_WORK ITEM_: Among the entries below, only the lines starting at the one with "- intros; unfold ones; lra." and ending at the one with "let cv := Cv", both included, are to be printed exactly.

|---|

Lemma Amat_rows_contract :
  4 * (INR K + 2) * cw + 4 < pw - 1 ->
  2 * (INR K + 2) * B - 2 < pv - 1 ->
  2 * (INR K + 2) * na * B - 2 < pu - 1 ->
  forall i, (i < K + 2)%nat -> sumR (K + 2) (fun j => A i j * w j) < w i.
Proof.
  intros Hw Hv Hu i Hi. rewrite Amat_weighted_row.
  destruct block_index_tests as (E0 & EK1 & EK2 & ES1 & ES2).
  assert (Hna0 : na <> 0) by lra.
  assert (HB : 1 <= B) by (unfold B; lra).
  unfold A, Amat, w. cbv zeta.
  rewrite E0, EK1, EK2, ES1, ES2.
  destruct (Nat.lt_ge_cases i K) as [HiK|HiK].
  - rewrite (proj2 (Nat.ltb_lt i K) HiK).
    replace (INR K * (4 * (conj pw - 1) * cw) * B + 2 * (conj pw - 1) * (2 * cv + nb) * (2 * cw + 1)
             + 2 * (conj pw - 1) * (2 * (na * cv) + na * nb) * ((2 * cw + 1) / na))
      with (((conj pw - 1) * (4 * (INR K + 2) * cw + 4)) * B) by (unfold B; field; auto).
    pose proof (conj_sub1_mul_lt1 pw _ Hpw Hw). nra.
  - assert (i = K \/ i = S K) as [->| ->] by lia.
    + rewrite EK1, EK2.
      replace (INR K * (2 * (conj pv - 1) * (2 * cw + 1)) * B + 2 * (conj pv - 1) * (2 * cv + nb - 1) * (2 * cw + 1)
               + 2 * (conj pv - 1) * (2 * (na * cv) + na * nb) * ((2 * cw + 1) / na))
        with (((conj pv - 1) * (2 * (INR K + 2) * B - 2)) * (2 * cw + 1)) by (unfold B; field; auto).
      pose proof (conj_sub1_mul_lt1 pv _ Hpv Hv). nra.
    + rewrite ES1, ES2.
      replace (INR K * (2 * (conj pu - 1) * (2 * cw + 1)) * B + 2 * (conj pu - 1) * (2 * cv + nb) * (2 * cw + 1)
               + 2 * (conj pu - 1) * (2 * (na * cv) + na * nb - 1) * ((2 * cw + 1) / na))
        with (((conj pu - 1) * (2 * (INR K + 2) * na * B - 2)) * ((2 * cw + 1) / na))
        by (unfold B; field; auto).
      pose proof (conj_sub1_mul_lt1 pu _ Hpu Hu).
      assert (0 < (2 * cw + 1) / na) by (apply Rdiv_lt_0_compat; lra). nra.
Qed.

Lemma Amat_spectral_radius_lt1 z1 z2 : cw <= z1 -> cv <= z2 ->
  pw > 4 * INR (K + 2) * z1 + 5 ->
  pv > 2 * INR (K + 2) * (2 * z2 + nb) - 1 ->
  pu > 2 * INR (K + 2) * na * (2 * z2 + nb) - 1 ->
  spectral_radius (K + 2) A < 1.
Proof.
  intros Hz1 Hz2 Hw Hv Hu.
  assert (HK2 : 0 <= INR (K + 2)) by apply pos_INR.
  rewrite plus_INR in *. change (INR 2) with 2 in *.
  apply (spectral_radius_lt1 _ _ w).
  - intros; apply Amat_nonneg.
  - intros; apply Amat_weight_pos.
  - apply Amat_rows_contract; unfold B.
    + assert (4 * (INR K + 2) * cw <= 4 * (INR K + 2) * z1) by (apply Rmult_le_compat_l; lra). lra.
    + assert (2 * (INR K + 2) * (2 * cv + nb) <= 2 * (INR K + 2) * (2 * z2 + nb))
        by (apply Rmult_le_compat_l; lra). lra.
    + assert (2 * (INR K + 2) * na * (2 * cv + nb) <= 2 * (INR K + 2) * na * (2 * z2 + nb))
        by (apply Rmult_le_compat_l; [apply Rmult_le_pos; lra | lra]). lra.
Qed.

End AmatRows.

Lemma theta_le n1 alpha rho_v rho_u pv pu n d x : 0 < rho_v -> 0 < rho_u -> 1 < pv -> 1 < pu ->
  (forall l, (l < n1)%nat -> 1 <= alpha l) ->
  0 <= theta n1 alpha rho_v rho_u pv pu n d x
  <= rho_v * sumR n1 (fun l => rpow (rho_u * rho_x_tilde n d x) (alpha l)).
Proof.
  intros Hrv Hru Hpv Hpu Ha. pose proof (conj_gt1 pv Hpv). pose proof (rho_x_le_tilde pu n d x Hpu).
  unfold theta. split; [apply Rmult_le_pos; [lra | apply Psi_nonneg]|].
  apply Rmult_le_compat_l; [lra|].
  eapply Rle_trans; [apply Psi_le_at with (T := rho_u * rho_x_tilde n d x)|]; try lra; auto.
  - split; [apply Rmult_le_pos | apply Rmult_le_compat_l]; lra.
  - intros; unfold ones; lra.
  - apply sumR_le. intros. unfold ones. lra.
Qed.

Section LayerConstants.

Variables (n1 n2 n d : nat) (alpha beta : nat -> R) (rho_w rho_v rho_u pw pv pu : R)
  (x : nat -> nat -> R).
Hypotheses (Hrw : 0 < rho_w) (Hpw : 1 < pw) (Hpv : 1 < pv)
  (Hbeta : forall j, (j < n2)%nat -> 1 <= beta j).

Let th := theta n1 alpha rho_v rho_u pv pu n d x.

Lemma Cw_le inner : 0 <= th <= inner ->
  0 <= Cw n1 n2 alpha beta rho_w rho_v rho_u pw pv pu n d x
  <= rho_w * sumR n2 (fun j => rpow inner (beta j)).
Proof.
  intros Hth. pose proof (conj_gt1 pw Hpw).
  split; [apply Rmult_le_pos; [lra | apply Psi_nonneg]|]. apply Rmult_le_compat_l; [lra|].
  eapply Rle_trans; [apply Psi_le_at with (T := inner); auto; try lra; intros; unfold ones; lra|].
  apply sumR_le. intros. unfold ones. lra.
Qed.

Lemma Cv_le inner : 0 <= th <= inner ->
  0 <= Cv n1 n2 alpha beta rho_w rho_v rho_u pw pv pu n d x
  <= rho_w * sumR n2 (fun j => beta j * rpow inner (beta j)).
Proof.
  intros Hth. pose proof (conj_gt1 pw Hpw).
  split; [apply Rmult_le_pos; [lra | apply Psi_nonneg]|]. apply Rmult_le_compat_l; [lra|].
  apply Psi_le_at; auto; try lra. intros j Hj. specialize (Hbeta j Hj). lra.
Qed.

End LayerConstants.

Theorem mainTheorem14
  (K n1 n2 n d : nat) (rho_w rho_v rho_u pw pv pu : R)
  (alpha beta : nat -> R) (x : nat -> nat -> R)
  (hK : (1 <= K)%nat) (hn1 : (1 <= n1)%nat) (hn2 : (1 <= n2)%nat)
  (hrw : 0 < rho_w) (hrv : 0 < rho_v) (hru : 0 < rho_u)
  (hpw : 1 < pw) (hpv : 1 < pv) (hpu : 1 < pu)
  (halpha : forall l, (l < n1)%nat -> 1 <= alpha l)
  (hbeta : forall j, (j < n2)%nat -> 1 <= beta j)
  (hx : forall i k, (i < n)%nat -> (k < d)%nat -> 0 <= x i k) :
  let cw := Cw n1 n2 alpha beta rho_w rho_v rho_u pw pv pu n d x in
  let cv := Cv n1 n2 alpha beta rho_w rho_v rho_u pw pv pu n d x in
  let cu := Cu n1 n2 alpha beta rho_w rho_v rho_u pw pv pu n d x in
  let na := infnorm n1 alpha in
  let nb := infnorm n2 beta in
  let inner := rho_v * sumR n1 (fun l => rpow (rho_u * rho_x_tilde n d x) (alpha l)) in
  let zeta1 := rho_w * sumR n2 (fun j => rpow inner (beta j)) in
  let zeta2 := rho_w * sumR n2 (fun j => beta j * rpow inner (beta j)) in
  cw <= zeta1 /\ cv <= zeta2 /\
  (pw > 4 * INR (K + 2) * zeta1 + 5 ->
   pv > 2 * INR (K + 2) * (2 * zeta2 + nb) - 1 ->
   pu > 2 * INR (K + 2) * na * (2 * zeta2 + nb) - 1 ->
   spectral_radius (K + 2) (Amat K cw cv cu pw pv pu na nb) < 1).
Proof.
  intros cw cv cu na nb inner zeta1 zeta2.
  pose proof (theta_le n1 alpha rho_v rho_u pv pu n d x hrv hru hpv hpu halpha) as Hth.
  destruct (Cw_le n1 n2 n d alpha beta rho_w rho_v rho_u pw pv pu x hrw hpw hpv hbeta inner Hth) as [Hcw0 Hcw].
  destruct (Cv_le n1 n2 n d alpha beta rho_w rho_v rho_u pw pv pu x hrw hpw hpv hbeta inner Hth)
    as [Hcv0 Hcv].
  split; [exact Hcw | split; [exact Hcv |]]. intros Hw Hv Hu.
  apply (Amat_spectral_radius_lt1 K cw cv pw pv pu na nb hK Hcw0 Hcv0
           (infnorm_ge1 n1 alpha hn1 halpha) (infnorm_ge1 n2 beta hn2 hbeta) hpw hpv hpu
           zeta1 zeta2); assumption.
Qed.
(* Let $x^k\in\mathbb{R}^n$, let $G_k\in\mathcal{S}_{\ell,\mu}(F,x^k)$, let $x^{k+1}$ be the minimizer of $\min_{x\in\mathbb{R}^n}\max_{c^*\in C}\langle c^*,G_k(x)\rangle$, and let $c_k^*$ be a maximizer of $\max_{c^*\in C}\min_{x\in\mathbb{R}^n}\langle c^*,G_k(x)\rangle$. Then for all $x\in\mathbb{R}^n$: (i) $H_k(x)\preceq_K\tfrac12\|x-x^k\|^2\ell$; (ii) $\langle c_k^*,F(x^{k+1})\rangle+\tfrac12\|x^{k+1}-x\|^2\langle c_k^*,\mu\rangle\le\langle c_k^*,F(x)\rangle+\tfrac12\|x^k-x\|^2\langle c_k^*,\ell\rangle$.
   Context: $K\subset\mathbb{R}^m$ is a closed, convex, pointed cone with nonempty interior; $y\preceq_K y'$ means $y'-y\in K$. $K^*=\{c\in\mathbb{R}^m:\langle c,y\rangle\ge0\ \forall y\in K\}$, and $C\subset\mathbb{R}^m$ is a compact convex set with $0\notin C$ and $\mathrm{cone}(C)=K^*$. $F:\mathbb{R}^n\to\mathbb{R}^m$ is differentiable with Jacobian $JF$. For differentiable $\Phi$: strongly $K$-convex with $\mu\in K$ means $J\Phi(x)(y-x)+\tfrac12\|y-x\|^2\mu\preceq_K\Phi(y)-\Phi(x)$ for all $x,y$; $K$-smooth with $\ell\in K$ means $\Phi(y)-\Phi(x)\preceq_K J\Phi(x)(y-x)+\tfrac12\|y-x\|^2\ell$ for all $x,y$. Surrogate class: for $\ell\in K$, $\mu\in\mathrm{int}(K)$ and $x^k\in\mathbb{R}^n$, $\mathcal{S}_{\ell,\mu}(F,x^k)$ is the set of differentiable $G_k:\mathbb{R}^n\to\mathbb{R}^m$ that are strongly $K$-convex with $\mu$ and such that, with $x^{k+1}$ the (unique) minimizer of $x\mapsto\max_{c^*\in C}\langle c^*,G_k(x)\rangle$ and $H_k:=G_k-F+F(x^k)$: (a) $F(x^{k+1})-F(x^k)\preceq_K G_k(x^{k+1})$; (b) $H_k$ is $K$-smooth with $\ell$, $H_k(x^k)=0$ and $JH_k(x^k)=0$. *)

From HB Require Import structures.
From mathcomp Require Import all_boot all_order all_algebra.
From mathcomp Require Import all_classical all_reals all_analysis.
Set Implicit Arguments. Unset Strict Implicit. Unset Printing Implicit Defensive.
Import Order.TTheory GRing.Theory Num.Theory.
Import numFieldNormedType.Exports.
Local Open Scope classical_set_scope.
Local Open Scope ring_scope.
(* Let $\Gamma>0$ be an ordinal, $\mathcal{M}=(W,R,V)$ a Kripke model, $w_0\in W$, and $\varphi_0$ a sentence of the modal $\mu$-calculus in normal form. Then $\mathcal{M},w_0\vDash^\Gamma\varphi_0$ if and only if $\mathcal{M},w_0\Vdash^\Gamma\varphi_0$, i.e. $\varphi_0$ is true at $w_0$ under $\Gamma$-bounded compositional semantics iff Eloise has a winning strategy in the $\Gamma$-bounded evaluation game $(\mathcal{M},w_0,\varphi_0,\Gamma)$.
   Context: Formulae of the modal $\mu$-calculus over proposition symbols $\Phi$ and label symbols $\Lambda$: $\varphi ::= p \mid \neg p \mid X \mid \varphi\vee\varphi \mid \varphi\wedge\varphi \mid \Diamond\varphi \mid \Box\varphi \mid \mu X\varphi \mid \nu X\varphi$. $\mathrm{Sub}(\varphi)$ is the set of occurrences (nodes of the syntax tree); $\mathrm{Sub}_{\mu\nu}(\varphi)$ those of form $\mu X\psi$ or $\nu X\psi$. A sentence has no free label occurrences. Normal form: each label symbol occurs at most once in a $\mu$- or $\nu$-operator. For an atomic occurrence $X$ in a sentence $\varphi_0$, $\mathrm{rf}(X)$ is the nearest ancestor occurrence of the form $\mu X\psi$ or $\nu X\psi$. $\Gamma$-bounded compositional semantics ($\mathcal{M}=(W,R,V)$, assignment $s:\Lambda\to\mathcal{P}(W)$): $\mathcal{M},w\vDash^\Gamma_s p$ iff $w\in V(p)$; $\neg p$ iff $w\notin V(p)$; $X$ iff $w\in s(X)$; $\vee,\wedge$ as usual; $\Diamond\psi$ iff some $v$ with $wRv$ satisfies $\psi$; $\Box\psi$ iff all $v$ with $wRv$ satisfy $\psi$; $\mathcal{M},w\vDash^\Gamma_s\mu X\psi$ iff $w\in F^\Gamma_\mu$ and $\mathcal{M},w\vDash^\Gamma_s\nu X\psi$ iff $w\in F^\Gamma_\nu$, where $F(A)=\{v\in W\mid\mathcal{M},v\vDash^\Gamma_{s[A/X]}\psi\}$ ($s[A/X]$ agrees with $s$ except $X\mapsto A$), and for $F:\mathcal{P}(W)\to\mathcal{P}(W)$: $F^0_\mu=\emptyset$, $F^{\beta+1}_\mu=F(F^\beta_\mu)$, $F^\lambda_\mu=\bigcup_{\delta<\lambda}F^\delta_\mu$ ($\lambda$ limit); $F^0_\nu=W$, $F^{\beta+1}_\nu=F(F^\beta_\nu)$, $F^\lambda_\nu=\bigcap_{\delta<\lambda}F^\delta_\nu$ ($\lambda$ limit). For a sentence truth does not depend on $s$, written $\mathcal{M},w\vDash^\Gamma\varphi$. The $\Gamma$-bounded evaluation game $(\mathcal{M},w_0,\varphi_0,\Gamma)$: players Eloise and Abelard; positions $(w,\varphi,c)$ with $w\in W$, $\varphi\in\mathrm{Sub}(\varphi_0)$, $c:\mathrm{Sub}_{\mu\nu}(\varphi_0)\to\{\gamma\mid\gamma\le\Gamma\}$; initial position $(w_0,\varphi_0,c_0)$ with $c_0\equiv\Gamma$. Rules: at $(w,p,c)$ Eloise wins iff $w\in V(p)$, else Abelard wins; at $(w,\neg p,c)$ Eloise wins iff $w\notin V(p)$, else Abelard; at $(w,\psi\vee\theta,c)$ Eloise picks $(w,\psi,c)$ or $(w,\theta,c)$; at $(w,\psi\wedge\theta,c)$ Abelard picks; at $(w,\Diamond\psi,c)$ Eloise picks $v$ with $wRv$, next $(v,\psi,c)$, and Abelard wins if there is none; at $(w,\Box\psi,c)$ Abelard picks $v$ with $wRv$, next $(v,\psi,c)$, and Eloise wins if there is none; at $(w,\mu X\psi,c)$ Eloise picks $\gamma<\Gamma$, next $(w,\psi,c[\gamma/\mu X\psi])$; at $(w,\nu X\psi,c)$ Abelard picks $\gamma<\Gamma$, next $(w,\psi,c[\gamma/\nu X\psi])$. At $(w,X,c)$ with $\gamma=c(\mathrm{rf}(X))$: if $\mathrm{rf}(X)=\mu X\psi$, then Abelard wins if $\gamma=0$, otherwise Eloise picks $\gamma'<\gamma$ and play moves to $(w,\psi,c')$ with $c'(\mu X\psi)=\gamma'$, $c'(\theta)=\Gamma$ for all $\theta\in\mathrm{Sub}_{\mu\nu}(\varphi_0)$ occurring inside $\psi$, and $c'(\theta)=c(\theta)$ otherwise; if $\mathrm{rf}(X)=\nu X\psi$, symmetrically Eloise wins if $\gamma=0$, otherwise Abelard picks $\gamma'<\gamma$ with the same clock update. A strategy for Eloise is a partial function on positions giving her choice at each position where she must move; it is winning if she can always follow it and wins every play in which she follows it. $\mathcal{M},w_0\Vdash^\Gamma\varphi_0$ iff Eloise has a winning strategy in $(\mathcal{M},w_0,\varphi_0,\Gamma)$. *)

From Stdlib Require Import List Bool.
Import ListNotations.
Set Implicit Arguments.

|---|

_YOUR RESPONSE_:
  - intros; unfold ones; lra.
  - apply sumR_le. intros. unfold ones. lra.
Qed.

Section LayerConstants.

Variables (n1 n2 n d : nat) (alpha beta : nat -> R) (rho_w rho_v rho_u pw pv pu : R)
  (x : nat -> nat -> R).
Hypotheses (Hrw : 0 < rho_w) (Hpw : 1 < pw) (Hpv : 1 < pv)
  (Hbeta : forall j, (j < n2)%nat -> 1 <= beta j).

Let th := theta n1 alpha rho_v rho_u pv pu n d x.

Lemma Cw_le inner : 0 <= th <= inner ->
  0 <= Cw n1 n2 alpha beta rho_w rho_v rho_u pw pv pu n d x
  <= rho_w * sumR n2 (fun j => rpow inner (beta j)).
Proof.
  intros Hth. pose proof (conj_gt1 pw Hpw).
  split; [apply Rmult_le_pos; [lra | apply Psi_nonneg]|]. apply Rmult_le_compat_l; [lra|].
  eapply Rle_trans; [apply Psi_le_at with (T := inner); auto; try lra; intros; unfold ones; lra|].
  apply sumR_le. intros. unfold ones. lra.
Qed.

Lemma Cv_le inner : 0 <= th <= inner ->
  0 <= Cv n1 n2 alpha beta rho_w rho_v rho_u pw pv pu n d x
  <= rho_w * sumR n2 (fun j => beta j * rpow inner (beta j)).
Proof.
  intros Hth. pose proof (conj_gt1 pw Hpw).
  split; [apply Rmult_le_pos; [lra | apply Psi_nonneg]|]. apply Rmult_le_compat_l; [lra|].
  apply Psi_le_at; auto; try lra. intros j Hj. specialize (Hbeta j Hj). lra.
Qed.

End LayerConstants.

Theorem mainTheorem14
  (K n1 n2 n d : nat) (rho_w rho_v rho_u pw pv pu : R)
  (alpha beta : nat -> R) (x : nat -> nat -> R)
  (hK : (1 <= K)%nat) (hn1 : (1 <= n1)%nat) (hn2 : (1 <= n2)%nat)
  (hrw : 0 < rho_w) (hrv : 0 < rho_v) (hru : 0 < rho_u)
  (hpw : 1 < pw) (hpv : 1 < pv) (hpu : 1 < pu)
  (halpha : forall l, (l < n1)%nat -> 1 <= alpha l)
  (hbeta : forall j, (j < n2)%nat -> 1 <= beta j)
  (hx : forall i k, (i < n)%nat -> (k < d)%nat -> 0 <= x i k) :
  let cw := Cw n1 n2 alpha beta rho_w rho_v rho_u pw pv pu n d x in
  let cv := Cv n1 n2 alpha beta rho_w rho_v rho_u pw pv pu n d x in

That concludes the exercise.